The Citizen (Dar es Salaam)

Tanzania: Weak Currency Good for Exports - BOT

A strong national currency is not necessarily healthy for the economy since it makes exports expensive and increases price of goods and services, Bank of Tanzania (BoT) governor Prof Benno Ndulu has said.

Speaking during a meeting in Dar es Salaam yesterday on how to manage the exchange rate fluctuation risks and its impact on business and investment in the country, he said time has come to end the wrong notion and focus on improving export trade.

He told a breakfast meeting hosted by the Tanzania Private Sector Foundation (TPSF) that China's export strength and global trading leadership is based on its weaker currency, the yuan.

He challenged TPSF members to improve production for export to help put in check depreciation of the shilling.

"We ought to improve production of commodities for export. This will play a crucial role in stabilizing the local currency," said BoT chief.

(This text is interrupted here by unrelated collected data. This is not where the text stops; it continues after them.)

Theorem theorem16 (r n : nat) (hr : 1 <= r) (hn : 1 <= n) :
  (forall nn : nat -> nat,
     (forall i, i <= r -> 0 < nn i) -> 2 <= nn 0 ->
     \sum_(i < r.+1) (nn i - 1) = n - 1 ->
     forall j, 1 <= j <= nn 0 - 1 ->
     (#|[set p : path_t r n | [&& in_P n p, starts_down p,
          [forall i : 'I_r.+1, steps_mod r false p i == nn i - 1]
        & low_steps0 r false p == j]]|%:R : rat)
     = (((nn 0 - 1)%N%:R)^-1 * ('C(n - 1, nn 0 - 2)%N)%:R
         * \prod_(1 <= i < r.+1) ('C(n, nn i - 1)%N)%:R)%R)
  /\
  (forall nn : nat -> nat,
     1 <= nn 0 ->
     \sum_(i < r.+1) nn i = r * n + 1 ->
     forall j, 1 <= j <= nn 0 ->
     (#|[set p : path_t r n | [&& in_P n p, starts_up p,
          [forall i : 'I_r.+1, steps_mod r true p i == nn i]
        & low_steps0 r true p == j]]|%:R : rat)
     = (((nn 0%N)%:R)^-1 * ('C(n - 1, nn 0 - 1)%N)%:R
         * \prod_(1 <= i < r.+1) ('C(n, nn i)%N)%:R)%R).
Proof.
split=> [nn _ _ sumnn j lej | nn _ sumnn j lej].
- have := natr_card_low_paths rat (r := r) (b := false) (c := fun i => nn i - 1) hn lej.
  rewrite /= -!subn1 -subnDA => /(_ sumnn) <-.
  by congr (_%:R)%R; apply: eq_card => p; rewrite !inE starts_downE.
- have := natr_card_low_paths rat (b := true) hn lej sumnn.
  rewrite -!subn1 => <-.
  by congr (_%:R)%R; apply: eq_card => p; rewrite !inE starts_upE.
Qed.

Prof Ndulu said factors causing the depreciation of the shilling are high inflation rate compared to trading partners, the seasonability supply of foreign exchange earnings as well as speculation and movement of major global currencies.

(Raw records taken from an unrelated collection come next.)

(* At any point during the execution of $\mathit{find\_ap\_set}$, let $t$ be an odd vertex whose even mate $t'$ is completely scanned, and let $s$ be an odd descendant of $t$ in the search structure. Then after any later blossom step that makes $s$ even, $s$ and $t$ belong to the same blossom.
   Context: Let $H$ be a finite undirected graph with a matching $M_H$ (free vertices, $\mathit{mate}$, alternating and augmenting paths as usual). The procedure $\mathit{find\_ap\_set}$ maintains a search structure $S$ (a forest of alternating trees whose nodes are odd vertices and blossoms = sets of even vertices with a base; $b(x)$ denotes the base of the blossom containing an even vertex $x$) and a set $\mathit{CP}$ of vertex-disjoint augmenting paths, both initially empty. For each free vertex $f$ in turn: if $f$ is not on a path of $\mathit{CP}$, add $f$ to $S$ as the root of a new tree (a trivial even blossom) and call $\mathit{find\_ap}(f)$. The recursive call $\mathit{find\_ap}(x)$, for $x$ even, scans each non-matching edge $xy$ in turn: if $y\notin S$ and $y$ is free, add $xy$ to $S$, add the path formed by the canonical path of $x$ followed by $y$ to $\mathit{CP}$, and terminate every currently executing call of $\mathit{find\_ap}$ (the outer loop then continues with the next free vertex); if $y\notin S$ and $y$ is matched (grow step), add $y$ as odd child of $b(x)$ and $y'=\mathit{mate}(y)$ as even child of $y$, and call $\mathit{find\_ap}(y')$; if $y\in S$ and $b(y)$ is even and a proper descendant of $b(x)$ in $S$ (blossom step), let $u_1,\dots,u_k$ be the odd vertices on the tree path from $b(x)$ to $b(y)$ with $u_1$ closest to $b(x)$, merge all blossoms and odd vertices on this path into one blossom with base $b(x)$ (so $u_1,\dots,u_k$ become even), and call $\mathit{find\_ap}(u_1),\dots,\mathit{find\_ap}(u_k)$ in this order; otherwise do nothing. Vertices in $S$ remain in $S$ between trees. An even vertex $x$ is completely scanned if $\mathit{find\_ap}(x)$ has been called and was not terminated prematurely (so all non-matching edges at $x$ have been scanned). *)

From HB Require Import structures.
From mathcomp Require Import all_boot.
Set Implicit Arguments. Unset Strict Implicit. Unset Printing Implicit Defensive.

Inductive lbl := Out | Odd | Even.
Definition lbl_eqb (a b : lbl) :=
  match a, b with Out, Out | Odd, Odd | Even, Even => true | _, _ => false end.
Lemma lbl_eqP : Equality.axiom lbl_eqb.
Proof. by case; case; constructor. Qed.
HB.instance Definition _ := hasDecEq.Build lbl lbl_eqP.

(* Stack frames of the recursion: a pending call find_ap(v), or an
   executing call find_ap(v) having already scanned the edges v y, y in sc. *)
Inductive frame (T : finType) := FCall of T | FScan of T & {set T}.
Arguments FCall {T}.

Record state (T : finType) := State {
  lab  : T -> lbl;           (* Out = not in S, Odd, Even *)
  base : T -> T;             (* b(x) for even x *)
  par  : T -> option T;      (* odd y: the even x it was grown from;
                                even child y' : its odd parent y; roots: None *)
  stk  : seq (frame T);      (* call stack, top first *)
  todo : {set T};            (* free vertices not yet handled by the outer loop *)
  cpf  : {set T};            (* free vertices lying on a path of CP *)
  dn   : {set T};            (* completely scanned vertices *)
  cur  : option T            (* root of the tree currently grown *)
}.

Definition upd (T : eqType) (U : Type) (f : T -> U) (x : T) (u : U) :=
  fun z => if z == x then u else f z.

Section Algo.
Variables (T : finType) (e : rel T) (mate : T -> option T).

Definition free (x : T) := mate x == None.
Definition nonmatch (x y : T) := e x y && (mate x != Some y).

(* Nodes of the search forest: (false, y) = odd vertex y,
   (true, z) = blossom with base z. *)
Definition node_of (s : state T) (v : T) : bool * T :=
  if lab s v == Odd then (false, v) else (true, base s v).

Definition pnode (s : state T) (n : bool * T) : option (bool * T) :=
  omap (node_of s) (par s n.2).

(* prel s n m : m is the parent of n; connect (prel s) n a : a is an ancestor of n
   (reflexive), i.e. n is a descendant of a. *)
Definition prel (s : state T) : rel (bool * T) := fun n m => pnode s n == Some m.
Definition desc (s : state T) (n a : bool * T) := connect (prel s) n a.
Definition pdesc (s : state T) (n a : bool * T) := (n != a) && desc s n a.

Definition onpath (s : state T) (bx by_ : T) (n : bool * T) :=
  desc s (true, by_) n && desc s n (true, bx).

Definition merge_lab (s : state T) bx by_ : T -> lbl := fun w =>
  if (lab s w == Odd) && onpath s bx by_ (false, w) then Even else lab s w.
Definition merge_base (s : state T) bx by_ : T -> T := fun w =>
  if (lab s w == Odd) && onpath s bx by_ (false, w) then bx
  else if (lab s w == Even) && onpath s bx by_ (true, base s w) then bx
  else base s w.

Definition init : state T :=
  State (fun _ => Out) id (fun _ => None) [::] [set f | free f] set0 set0 None.

Inductive kind := KOuterSkip | KOuterRoot | KCall | KReturn | KAugment
                | KGrow | KBlossom | KNothing.

Inductive step : kind -> state T -> state T -> Prop :=
| st_skip s f :
    stk s = [::] -> f \in todo s -> f \in cpf s ->
    step KOuterSkip s
      (State (lab s) (base s) (par s) [::] (todo s :\ f) (cpf s) (dn s) (cur s))
| st_root s f :
    stk s = [::] -> f \in todo s -> f \notin cpf s ->
    step KOuterRoot s
      (State (upd (lab s) f Even) (upd (base s) f f) (upd (par s) f None)
             [:: FCall f] (todo s :\ f) (cpf s) (dn s) (Some f))
| st_call s v st :
    stk s = FCall v :: st ->
    step KCall s
      (State (lab s) (base s) (par s) (FScan v set0 :: st) (todo s) (cpf s) (dn s) (cur s))
| st_return s v sc st :
    stk s = FScan v sc :: st -> (forall y, nonmatch v y -> y \in sc) ->
    step KReturn s
      (State (lab s) (base s) (par s) st (todo s) (cpf s) (v |: dn s) (cur s))
| st_augment s v sc st y :
    stk s = FScan v sc :: st -> nonmatch v y -> y \notin sc ->
    lab s y = Out -> free y ->
    step KAugment s
      (State (upd (lab s) y Odd) (base s) (upd (par s) y (Some v)) [::] (todo s)
             (y |: oapp (fun r => r |: cpf s) (cpf s) (cur s)) (dn s) (cur s))
| st_grow s v sc st y y' :
    stk s = FScan v sc :: st -> nonmatch v y -> y \notin sc ->
    lab s y = Out -> mate y = Some y' ->
    step KGrow s
      (State (upd (upd (lab s) y Odd) y' Even) (upd (base s) y' y')
             (upd (upd (par s) y (Some v)) y' (Some y))
             (FCall y' :: FScan v (y |: sc) :: st) (todo s) (cpf s) (dn s) (cur s))
| st_blossom s v sc st y (us : seq T) :
    stk s = FScan v sc :: st -> nonmatch v y -> y \notin sc ->
    lab s y = Even -> pdesc s (true, base s y) (true, base s v) ->
    (* us = u_1, ..., u_k : the odd vertices on the path, u_1 closest to b(x) *)
    perm_eq us [seq u <- enum T | (lab s u == Odd) &&
                                   onpath s (base s v) (base s y) (false, u)] ->
    sorted (fun u w => pdesc s (false, w) (false, u)) us ->
    step KBlossom s
      (State (merge_lab s (base s v) (base s y)) (merge_base s (base s v) (base s y))
             (par s) ([seq FCall u | u <- us] ++ FScan v (y |: sc) :: st)
             (todo s) (cpf s) (dn s) (cur s))
| st_nothing s v sc st y :
    stk s = FScan v sc :: st -> nonmatch v y -> y \notin sc ->
    lab s y != Out ->
    ~~ ((lab s y == Even) && pdesc s (true, base s y) (true, base s v)) ->
    step KNothing s
      (State (lab s) (base s) (par s) (FScan v (y |: sc) :: st)
             (todo s) (cpf s) (dn s) (cur s)).

Inductive steps : state T -> state T -> Prop :=
| steps_refl s : steps s s
| steps_cons s1 k s2 s3 : step k s1 s2 -> steps s2 s3 -> steps s1 s3.

Definition reachable (s : state T) := steps init s.

Definition same_blossom (s : state T) (x y : T) :=
  (lab s x == Even) && (lab s y == Even) && (base s x == base s y).

End Algo.

From HB Require Import structures.
From mathcomp Require Import all_boot.
Set Implicit Arguments. Unset Strict Implicit. Unset Printing Implicit Defensive.

(* Two invariants of the search carry the argument: every even vertex below a
   completely scanned blossom base is completely scanned, and every even vertex
   below a base [z] whose call is still on the stack is [z], completely scanned,
   or has its call above [z] on the stack (returning from [z] turns the second
   invariant into the first). When the mate [t'] of [t] is completely scanned, the
   blossom of [t'], the only child of [t], heads a completely scanned subtree, so
   every node on the tree path from [s] up to [t], [t] excluded, is completely
   scanned. Later steps preserve this, a blossom step contracting the path from
   b(y) up to b(x) onto b(x). When such a step makes [s] even, [s] is on that path;
   as [x] is still being scanned, the blossom of [x] is not completely scanned, so
   it is not strictly below [t]: the node of [t] is on the path as well. *)

Section PartialFunctionPaths.
Variables (N : finType) (g : N -> option N).

Definition pfrel : rel N := fun n m => g n == Some m.

Lemma connect_pfrel_next n m a :
  connect pfrel n a -> n != a -> g n = Some m -> connect pfrel m a.
Proof.
move=> /connectP [[|k p] /= Hp ->]; first by rewrite eqxx.
by case/andP: Hp => /eqP -> Hp _ [<-]; apply/connectP; exists p.
Qed.

Lemma connect_pfrel_total n a b :
  connect pfrel n a -> connect pfrel n b -> connect pfrel a b \/ connect pfrel b a.
Proof.
move=> /connectP [p Hp ->]; elim: p n Hp => [|k p IH] n /=; first by left.
case/andP=> /eqP gn Hp nb; have [<-|n_b] := eqVneq n b.
  by right; apply/connectP; exists (k :: p) => //=; rewrite /pfrel gn eqxx.
exact: IH Hp (connect_pfrel_next nb n_b gn).
Qed.

Lemma connect_pfrel_last n a :
  connect pfrel n a -> n != a -> exists2 c, connect pfrel n c & g c = Some a.
Proof.
move=> /connectP [p Hp ->]; elim: p n Hp => [|k p IH] n /=; first by rewrite eqxx.
case/andP=> /eqP gn Hp _; have [E|k_last] := eqVneq k (last k p).
  by exists n; rewrite ?connect0 // gn -E.
have [c kc gc] := IH k Hp k_last; exists c => //.
by apply: connect_trans kc; apply: connect1; rewrite /pfrel gn.
Qed.

Lemma connect_pfrel_root n a : connect pfrel n a -> g n = None -> a = n.
Proof. by move=> /connectP [[|k p] //= /andP [/eqP -> _] _]. Qed.

End PartialFunctionPaths.

Section ConnectOn.
Variables (N : finType) (r r' : rel N) (P : pred N).
Hypothesis r_closed : forall n m, P n -> r n m -> P m.

Lemma connect_closed_on n m : P n -> connect r n m -> P m.
Proof.
move=> Pn /connectP [p Hp ->]; elim: p n Pn Hp => //= k p IH n Pn /andP [nk Hp].
exact: IH (r_closed Pn nk) Hp.
Qed.

Lemma connect_map_on (f : N -> N) :
    (forall n m, P n -> r n m -> f n = f m \/ r' (f n) (f m)) ->
  forall n m, P n -> connect r n m -> connect r' (f n) (f m).
Proof.
move=> f_r n m Pn /connectP [p Hp ->]; elim: p n Pn Hp => [|k p IH] n Pn /=.
  by rewrite connect0.
case/andP=> nk Hp; have := IH k (r_closed Pn nk) Hp.
by case: (f_r n k Pn nk) => [-> //|fnk]; apply: connect_trans (connect1 fnk).
Qed.

Lemma connect_lift_on (f : N -> N) :
    (forall n k, P n -> r' (f n) k -> exists2 n', connect r n n' & f n' = k) ->
  forall n m', P n -> connect r' (f n) m' -> exists2 m, connect r n m & f m = m'.
Proof.
move=> f_r n m' Pn /connectP [p Hp ->]; elim: p n Pn Hp => [|k p IH] n Pn /=.
  by exists n; rewrite ?connect0.
case/andP=> fnk Hp; have [n' nn' fn'] := f_r n k Pn fnk; rewrite -fn' in Hp *.
have [m n'm <-] := IH n' (connect_closed_on Pn nn') Hp.
by exists m => //; apply: connect_trans n'm.
Qed.

End ConnectOn.

Lemma eq_connect_on (N : finType) (r r' : rel N) (P : pred N) :
    (forall n m, P n -> r n m -> P m) -> (forall n, P n -> r n =1 r' n) ->
  forall n, P n -> connect r n =1 connect r' n.
Proof.
move=> r_closed rr' n Pn m.
have r'_closed n1 m1 : P n1 -> r' n1 m1 -> P m1.
  by move=> Pn1; rewrite -rr' //; apply: r_closed.
apply/idP/idP; first apply: (@connect_map_on _ _ _ P r_closed id) => // n1 m1 Pn1.
- by rewrite rr' //; right.
apply: (@connect_map_on _ _ _ P r'_closed id) => // n1 m1 Pn1.
by rewrite -rr' //; right.
Qed.

Lemma split_cat_cons (X : eqType) (pre post A B : seq X) z :
    pre ++ z :: post = A ++ B ->
  z \in A \/ exists2 pre', pre = A ++ pre' & B = pre' ++ z :: post.
Proof.
elim: A pre => [|a A IH] pre /=; first by move=> <-; right; exists pre.
case: pre => [|p pre] /= [<- E]; first by left; rewrite inE eqxx.
case: (IH pre E) => [zA|[pre' -> ->]]; first by left; rewrite inE zA orbT.
by right; exists pre'.
Qed.

Section Search.
Variables (T : finType) (mate : T -> option T).

Definition frame_vtx (f : frame T) : T := match f with FCall v | FScan v _ => v end.
Definition stack_vtx (s : state T) : seq T := map frame_vtx (stk s).

Definition is_node (s : state T) (n : bool * T) :=
  if n.1 then (lab s n.2 == Even) && (base s n.2 == n.2) else lab s n.2 == Odd.

Record forest_inv (s : state T) : Prop := ForestInv {
  base_even : forall x, lab s x = Even ->
    lab s (base s x) = Even /\ base s (base s x) = base s x;
  par_in : forall x p, par s x = Some p -> lab s x != Out /\ lab s p != Out;
  mate_out : forall x x', mate x = Some x' -> (lab s x == Out) = (lab s x' == Out);
  odd_mate : forall x x', lab s x = Odd -> mate x = Some x' -> par s x' = Some x;
  even_child_base : forall x p, lab s x = Even -> par s x = Some p -> lab s p = Odd ->
    base s x = x;
  odd_parent_mate : forall z p, par s z = Some p -> lab s p = Odd -> mate p = Some z;
  odd_parent_even : forall x p, lab s x = Odd -> par s x = Some p -> lab s p = Even
}.

Lemma node_of_odd (s : state T) x : lab s x = Odd -> node_of s x = (false, x).
Proof. by rewrite /node_of => ->. Qed.

Lemma node_of_even (s : state T) x : lab s x = Even -> node_of s x = (true, base s x).
Proof. by rewrite /node_of => ->. Qed.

While maintaining that the central bank was unlikely to intervene to bail out the ailing shilling, Prof Ndulu said BoT boasts of foreign reserves of $3.5 billion.

"We have adequate capacity to intervene but doing so would discourage competition. We let the market do its work. At the moment, BoT releases through the inter-bank foreign exchange market between $80 and $100 million per month," he said.

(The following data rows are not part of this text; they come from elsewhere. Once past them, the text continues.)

(* Words of length n over Z_q (intended q >= 2, where 'Z_q = 'I_q). *)
Definition word (q n : nat) := {ffun 'I_n -> 'Z_q}.

Definition lee1 (q : nat) (x y : 'Z_q) : nat :=
  let d := if (val x <= val y)%N then (val y - val x)%N else (val x - val y)%N in
  minn d (q - d).

Definition lee_dist (q n : nat) (u v : word q n) : nat :=
  (\sum_(i < n) lee1 (u i) (v i))%N.

(* Minimum Lee distance at least d (for codes with >= 2 words this is
   exactly "min over distinct pairs >= d"). *)
Definition min_lee_ge (q n : nat) (C : {set word q n}) (d : nat) : Prop :=
  forall u v, u \in C -> v \in C -> u != v -> (d <= lee_dist u v)%N.

(* Action of g = ((eps_i, c_i)_i, s) in D_q^n x| S_n:
   coordinates are permuted by s, then each coordinate is acted on by
   x |-> +-x + c. *)
Definition lee_act (q n : nat) (s : {perm 'I_n}) (e : {ffun 'I_n -> bool})
  (c : {ffun 'I_n -> 'Z_q}) (u : word q n) : word q n :=
  [ffun i => (if e i then - u (s i) else u (s i)) + c i].

Definition lee_equiv (q n : nat) (C D : {set word q n}) : Prop :=
  exists (s : {perm 'I_n}) (e : {ffun 'I_n -> bool}) (c : {ffun 'I_n -> 'Z_q}),
    [set lee_act s e c u | u in C] = D.

Definition w4 (a b c d : nat) : word 6 4 :=
  [ffun i : 'I_4 => inZp (nth 0%N [:: a; b; c; d] i) : 'Z_6].

Definition Cp : {set word 6 4} :=
  [set w4 0 0 0 0; w4 0 2 2 2; w4 0 4 4 4; w4 2 0 2 4; w4 2 2 4 0;
       w4 2 4 0 2; w4 4 0 4 2; w4 4 2 0 4; w4 4 4 2 0].

Definition Cpp : {set word 6 4} :=
  [set [ffun i => w4 3 3 3 3 i + c i] | c : word 6 4 in Cp].

Definition C0 : {set word 6 4} := Cp :|: Cpp.

From mathcomp Require Import all_boot all_algebra all_fingroup zify.
Set Implicit Arguments. Unset Strict Implicit. Unset Printing Implicit Defensive.
Import GRing.Theory.
Local Open Scope ring_scope.

(* The group D_q^n x| S_n acts on Z_q^n by Lee isometries (lee_dist_act), so
   it preserves sizes and minimum distances of codes.  Given a code C of 18
   words of Z_6^4 with minimum Lee distance 6, translate it so that it
   contains 0, and split it according to the block {0,1}, {2,3} or {4,5} of
   the first coordinate.  An isometry maps any word of a block to 0 and the
   block onto {0,1}; an exhaustive search then shows that each block holds at
   most 6 words of the code (block_card_le6), hence exactly 6.  A second
   exhaustive search enumerates all ways of choosing the three blocks
   (cliques of pairwise far words, with [cliques] proved complete) and checks
   that each resulting code is C0 up to coordinatewise sign changes. *)

Section LeeIsometries.
Variable p : nat.
Local Notation q := p.+2.

Lemma val_subZp (x y : 'Z_q) :
  val (x - y) = if (val y <= val x)%N then (val x - val y)%N else (q - (val y - val x))%N.
Proof.
case: x y => [x x_lt] [y y_lt] /=; rewrite modnDmr; rewrite /Zp_trunc /= in x_lt y_lt *.
case: leqP => le_yx.
  by rewrite addnBA 1?ltnW // addnC -addnBA // modnDl modn_small // ltn_subLR; lia.
by rewrite modn_small; lia.
Qed.

(* The Lee weight of x - y is the smaller of the two residues x - y, y - x;
   this makes translation and negation invariance immediate. *)
Lemma lee1_minn (x y : 'Z_q) : lee1 x y = minn (val (x - y)) (val (y - x)).
Proof.
rewrite /lee1 !val_subZp; case: (ltngtP (val x) (val y)) => cmp_xy.
- by rewrite minnC; congr minn; lia.
- by congr minn; lia.
- by rewrite cmp_xy subnn subn0 minn0 min0n.
Qed.

Lemma lee1_addr (a x y : 'Z_q) : lee1 (x + a) (y + a) = lee1 x y.
Proof.
have sub_shift (u v : 'Z_q) : (u + a) - (v + a) = u - v.
  by rewrite opprD addrACA subrr addr0.
by rewrite !lee1_minn !sub_shift.
Qed.

Lemma lee1_opp (x y : 'Z_q) : lee1 (- x) (- y) = lee1 x y.
Proof.
have sub_opp (u v : 'Z_q) : - u - - v = v - u by rewrite opprK addrC.
by rewrite !lee1_minn !sub_opp minnC.
Qed.

Variable n : nat.
Implicit Types (s : {perm 'I_n}) (e : {ffun 'I_n -> bool}) (c : {ffun 'I_n -> 'Z_q}).

Lemma lee_dist_act s e c (u v : word q n) :
  lee_dist (lee_act s e c u) (lee_act s e c v) = lee_dist u v.
Proof.
rewrite /lee_dist [RHS](reindex_inj (@perm_inj _ s)); apply: eq_bigr => i _.
by rewrite !ffunE lee1_addr; case: (e i); rewrite ?lee1_opp.
Qed.

Lemma lee_act_inj s e c : injective (lee_act s e c).
Proof.
move=> u v /ffunP eq_uv; apply/ffunP => j; have := eq_uv (s^-1 j)%g.
by rewrite !ffunE permKV => /addIr; case: (e _) => //; apply: oppr_inj.
Qed.

Lemma card_lee_act s e c (C : {set word q n}) :
  #|[set lee_act s e c u | u in C]| = #|C|.
Proof. exact/card_imset/lee_act_inj. Qed.

Lemma min_lee_ge_act s e c (C : {set word q n}) d :
  min_lee_ge C d -> min_lee_ge [set lee_act s e c u | u in C] d.
Proof.
move=> dC _ _ /imsetP [u uC ->] /imsetP [v vC ->] neq.
rewrite lee_dist_act; apply: dC => //; by apply: contraNneq neq => ->.
Qed.

Lemma translate_self (a : word q n) : lee_act 1 [ffun=> false] [ffun i => - a i] a = 0.
Proof. by apply/ffunP => i; rewrite !ffunE perm1 subrr. Qed.

Lemma sign_after_translate e (a u : word q n) :
  lee_act 1 e 0 (lee_act 1 [ffun=> false] [ffun i => - a i] u) =
  lee_act 1 e [ffun i => if e i then a i else - a i] u.
Proof.
by apply/ffunP => i; rewrite !ffunE !perm1 addr0; case: (e i); rewrite ?opprD ?opprK.
Qed.

Lemma min_lee_ge_sub (A B : {set word q n}) d :
  B \subset A -> min_lee_ge A d -> min_lee_ge B d.
Proof. by move=> /subsetP sBA dA u v /sBA uA /sBA vA; apply: dA. Qed.
End LeeIsometries.

Section Cliques.
Variables (T : eqType) (r : rel T).

Fixpoint cliques (k : nat) : seq T -> seq (seq T) :=
  match k with
  | 0 => fun _ => [:: [::]]
  | k'.+1 => fix cliques_k L := match L with
      | [::] => [::]
      | x :: L' => if (size L < k'.+1)%N then [::] else
           map (cons x) (cliques k' (filter (r x) L')) ++ cliques_k L'
      end
  end.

The central bank would however intervene if the depreciation goes beyond a set range, according to the governor.

He was optimistic that the shilling would stabilize in the near future owing to foreign exchange earnings from the tourism sector and agriculture exports during the second and third quarter of the year.

"This is a peak season for tourists and harvesting season, we thus expects improvement in supply of foreign exchange. It is also during this period that development partners dish out aid. This means there will be enough foreign exchange in the money market," Prof Ndulu explained.

Among measures that BoT has put in place to address volatility of the shilling against major global currencies, was strengthening of the former by checking on increased inflation.

TPSF chairperson Easter Mkwizu, said the private sector was working to improve productivity for export, but it was being held back by uncontrolled imports into the country.

"We need to check on unnecessary imports in a bid to support local production," remarked Ms Mkwizu.

She noted that the private sector was eager for the stabilization of the local currency to ensure smooth running of businesses.

The Tanzania Exporters Association (TANEXA) executive director, Mr Mtemi Naluyaga, was concerned that the some few dishonest traders import junk products which end up being destroyed by the authorities and thus make the country lose the hard-earned foreign exchange.

"When goods are burnt it means money destroyed," said the business executive.

Mr Naluyaga challenged the private sector to improve production in a bid to guarantee forex earnings throughout the year and do away with seasonality supply.

"Our currency is loosing ground against major currencies...We need to come out and admit our weakness and address the volatility," Mr Naluyaga said.

Artumas Tanzania managing director Salvator Ntomola wondered why it was very easy to acquire foreign currency in Tanzania.

"I am not complaining, but I am concerned on the ease of getting foreign currency in Tanzania. It seems every Tom, Dick and Harry can acquire foreign currency without following any procedures," Mr Ntomola observed.

Tourism, gold and manufacturing were the top foreign exchange earners last year, according to Prof Ndulu. Tourism earned the country $1.3 billion followed by gold exports at $1.2 billion while the manufacturing sector exported goods worth $600 million.